ハイスクールD×D 右手に竜帝、左手に真竜を宿す神機持ち 作:西城ヒイロ
「・・・気配は消したはずなのに気づいてたのね。」
当たり前だ。たしかに気配を消す技術は高い。それは認めよう。
だが完璧過ぎたんだ。
これはチートにも言えることだがあまり完璧過ぎると逆に違和感すら感じさせられる。
「単刀直入に聞くけど貴方は一体何者?」
「ハッ!ただのしがない狩人ですよ。」
俺は全く間違ってない。だって本当のことだから。
「ふざけないでくれるかしら?」
えー・・・大真面目なのに。
「はぁ・・・今日は時間も時間なんで明日にしてくれませんかね?」
あと一応回復弾撃ち込みはしたけどきちんと調べといた方がいい。
「そうね。なら明日使いを送るわ。」
そう言うと彼女、リアス・グレモリーは転移の魔方陣を展開し未だ状況を掴めず呆けている兵藤に手刀を入れ気絶させて消えていった。
兵藤の扱いそれでいいのか?
さてとりあえずゴタゴタは片付いたし俺も帰るとしますかね。
多分リッカに勝手に神機使うなって怒られるかもな。
「それで・・・何か言いたいことはありますか?」
「誠に申し訳ありませんでした。」
俺は今シエルとリッカに正座させられている。
理由は簡単。件のゴタゴタで俺はあろうことか買った品を忘れてきたのだ。
気付いたときにはもう手遅れ。
荷物はすでになくなっていた。
それがシエルからの説教。リッカは俺の予想通り。
「この度は本当にすいませんでした。
何でも言うこと聞きます。」
「何でも・・・いいんですね?」
何でもという言葉にピクッと反応するシエルとリッカ。
何だろう悪寒が止まらない。
「太刀。私からのお願いはこれです。」
そう言うとシエルは一度リビングに消えると一匹の黒猫を抱えて戻って来た。
「この子を飼いたいんですが・・・」
そう言えばシエルって動物好きだったっけ?カピバラとか可愛がってたし。
「別に問題はないけど・・・その猫妖怪と悪魔の臭いがする。」
気配的には猫又か?
「怪我してたので連れてきました。」
シエルのそう言う優しい所俺は好きだぜ。
「名前は黒歌です。」
「そうか。今日からよろしくな黒歌。」
俺は黒歌の頭を撫でる。
それが気持ちいいのか目を細めて甘えてくる。
「「むぅ・・・」」
シエル?リッカ?何で不機嫌になる?
「太刀はもっと異性の気持ちに敏感になるべきだよ。」
つまり・・・どういうことだってばよ?
「解らない?もう焦れったい!」
そう言うとリッカは俺に抱き付いてきた。
「私は太刀が好き・・・シエルも太刀が好きなんだよ。」
突然の出来事に俺硬直。
え?今の告白!?されたの!?俺されたの!?環境がアレだったから仕方ないけど彼女いない歴=年齢の俺が!?

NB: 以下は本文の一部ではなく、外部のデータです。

(* The top Bernstein sum contributes the gap at J with weight K - floor K, and when
   J < floor K the lower one contributes it with weight 1. *)
Lemma qvR_sub_ge Cv d p p' m K J : 0 <= K -> (forall j, Cv (S j) d <= Cv j d) ->
  0 <= p -> p <= p' -> p' <= 1 -> 0 <= m -> m <= p' -> m <= 1 - p' -> INR J < K ->
  Rmin 1 (K - INR J) * ((p' - p) * (m ^ nfloor K * (Cv J d - Cv (S J) d)))
    <= qvR Cv p d K - qvR Cv p' d K.
Proof.
  intros HK HM H1 H2 H3 Hm0 Hm1 Hm2 HJK.
  rewrite !qvR_Bern. pose proof (nfloor_spec K HK) as Hn.
  set (n := nfloor K) in *. set (f := fun j => Cv j d).
  assert (HJn : (J <= n)%nat).
  { apply Nat.lt_succ_r, INR_lt. rewrite S_INR. lra. }
  set (T := (p' - p) * (m ^ n * (f J - f (S J)))).
  assert (HT : 0 <= T).
  { pose proof (pow_le m n Hm0). pose proof (HM J).
    apply Rmult_le_pos; [lra|]. apply Rmult_le_pos; unfold f; lra. }
  pose proof (Bern_antitone n f p p' HM H1 H2 H3) as X.
  pose proof (Bern_S_sub_ge n f p p' m J HM H1 H2 H3 Hm0 Hm1 Hm2 HJn) as Y.
  fold T in Y. change ((p' - p) * (m ^ n * (Cv J d - Cv (S J) d))) with T.
  assert (Hw0 : 0 <= (INR n + 1 - K) * (Bern n f p - Bern n f p')) by (apply Rmult_le_pos; lra).
  destruct (Nat.eq_dec J n) as [->|HJne].
  - assert (Rmin 1 (K - INR n) * T <= (K - INR n) * T)
      by (apply Rmult_le_compat_r; [exact HT | apply Rmin_r]).
    assert ((K - INR n) * T <= (K - INR n) * (Bern (S n) f p - Bern (S n) f p'))
      by (apply Rmult_le_compat_l; lra).
    lra.
  - destruct n as [|k]; [lia|].
    pose proof (Bern_S_sub_ge k f p p' m J HM H1 H2 H3 Hm0 Hm1 Hm2 ltac:(lia)) as Y'.
    assert (T <= (p' - p) * (m ^ k * (f J - f (S J)))).
    { pose proof (Rle_pow_le1 m k (S k) ltac:(lra) ltac:(lia)). pose proof (HM J).
      unfold T, f. apply Rmult_le_compat_l; [lra|]. apply Rmult_le_compat_r; lra. }
    assert (Rmin 1 (K - INR J) * T <= T)
      by (rewrite <- (Rmult_1_l T) at 2; apply Rmult_le_compat_r; [exact HT | apply Rmin_l]).
    assert ((INR (S k) + 1 - K) * T <= (INR (S k) + 1 - K) * (Bern (S k) f p - Bern (S k) f p'))
      by (apply Rmult_le_compat_l; lra).
    assert ((K - INR (S k)) * T <= (K - INR (S k)) * (Bern (S (S k)) f p - Bern (S (S k)) f p'))
      by (apply Rmult_le_compat_l; lra).
    lra.
Qed.

Lemma interval_of_partition (x : nat -> R) K : forall L, x 0%nat <= K < x L ->
  exists i, (1 <= i <= L)%nat /\ x (i - 1)%nat <= K < x i.
Proof.
  induction L as [|L IHL]; intros [H1 H2]; [lra|].
  destruct (Rlt_dec K (x L)) as [HK|HK].
  - destruct (IHL (conj H1 HK)) as [i [Hi HKi]]. exists i. split; [lia | exact HKi].
  - exists (S L). split; [lia|]. replace (S L - 1)%nat with L by lia. lra.
Qed.

Lemma ratio_bounds g G u : 1 <= g <= G -> 0 <= u -> 0 <= u / G <= u / g /\ u / g <= u.
Proof.
  intros Hg Hu. split; [split|].
  - apply Rmult_le_pos; [exact Hu|]. apply Rlt_le, Rinv_0_lt_compat. lra.
  - apply Rmult_le_compat_l; [exact Hu|]. apply Rinv_le_contravar; lra.
  - apply (Rmult_le_reg_r g); [lra|]. unfold Rdiv.
    rewrite Rmult_assoc, Rinv_l by lra. nra.
Qed.

Section Interpolation.

Variables (M : nat) (Cv : nat -> (nat -> R) -> R) (L : nat) (Kp : nat -> nat)
  (p0 : nat -> R) (d0 : nat -> nat -> R) (eps_q eps_v p_lo p_hi : R).

(* [HM] and the positivity hypotheses come after hypotheses that determine their parameter,
   so that [eapply _; eassumption] in the final proof cannot instantiate it wrongly. *)
Hypothesis HC01 : forall j d, in_simplex M d -> 0 <= Cv j d <= 1.
Hypothesis HClip : forall j, exists Lc, forall d1 d2, in_simplex M d1 -> in_simplex M d2 ->
  Rabs (Cv j d1 - Cv j d2) <= Lc * distM M d1 d2.
Hypothesis HCdecr : forall j d, in_simplex M d -> Cv j d >= Cv (S j) d.
Hypothesis HL : (1 <= L)%nat.
Hypothesis HKp : forall i, (i < L)%nat -> (Kp i < Kp (S i))%nat.
Hypothesis Hp0 : forall i, (i <= L)%nat -> 0 < p0 i < 1.
Hypothesis Hd0 : forall i, (i <= L)%nat -> in_simplex M (d0 i).
Hypothesis HM : (1 <= M)%nat.

Definition knot i := INR (Kp i).
Definition qs i := qvR Cv (p0 i) (d0 i) (knot i).
Definition dil i lam := vcomb lam (d0 (i - 1)%nat) (d0 i).
Definition qil i lam := (1 - lam) * qs (i - 1)%nat + lam * qs i.
Definition seg_coord i K := (K - knot (i - 1)%nat) / (knot i - knot (i - 1)%nat).

Hypothesis Hqs_gap : forall i, (1 <= i <= L)%nat -> qs (i - 1)%nat - qs i >= eps_q.
Hypothesis Heps_q : 0 < eps_q.
Hypothesis HJ : forall i lam, (1 <= i <= L)%nat -> 0 <= lam < 1 ->
  gtJ Cv eps_v (dil i lam) (Kil Kp i lam).
Hypothesis Heps_v : 0 < eps_v.
Hypothesis Hp0b : forall i, (1 <= i <= L)%nat -> p_lo <= p0 i <= p_hi.
Hypothesis Hplo : 0 < p_lo.
Hypothesis Hlohi : p_lo < p_hi.
Hypothesis Hphi : p_hi < 1.
Hypothesis Hbracket : forall i lam, (1 <= i <= L)%nat -> 0 <= lam < 1 ->
  qvR Cv p_hi (dil i lam) (Kil Kp i lam) <= qil i lam /\
  qil i lam <= qvR Cv p_lo (dil i lam) (Kil Kp i lam).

「シエル・・・リッカ・・・その俺なんかでいいのか?」
「太刀。太刀はもっと自分に自信を持つべきです。」
そう言うとシエルも俺に抱きついてくる。
黒歌は・・・いない!?
空気読んで退散したんだからYOUヤっちゃいなよってか!?
どうする俺!?
「・・・ダメ?」
拝啓神様へ
今から俺は童貞を卒業します――ッッ!!!
その日、明け方まで自室は淫靡な声とイヤらしい音が絶えることはなかった。
かなりやっつけになってしまった。
ちなみにこの時点で黒歌はまだ堕ちてません。修行合宿辺りで成就するかな?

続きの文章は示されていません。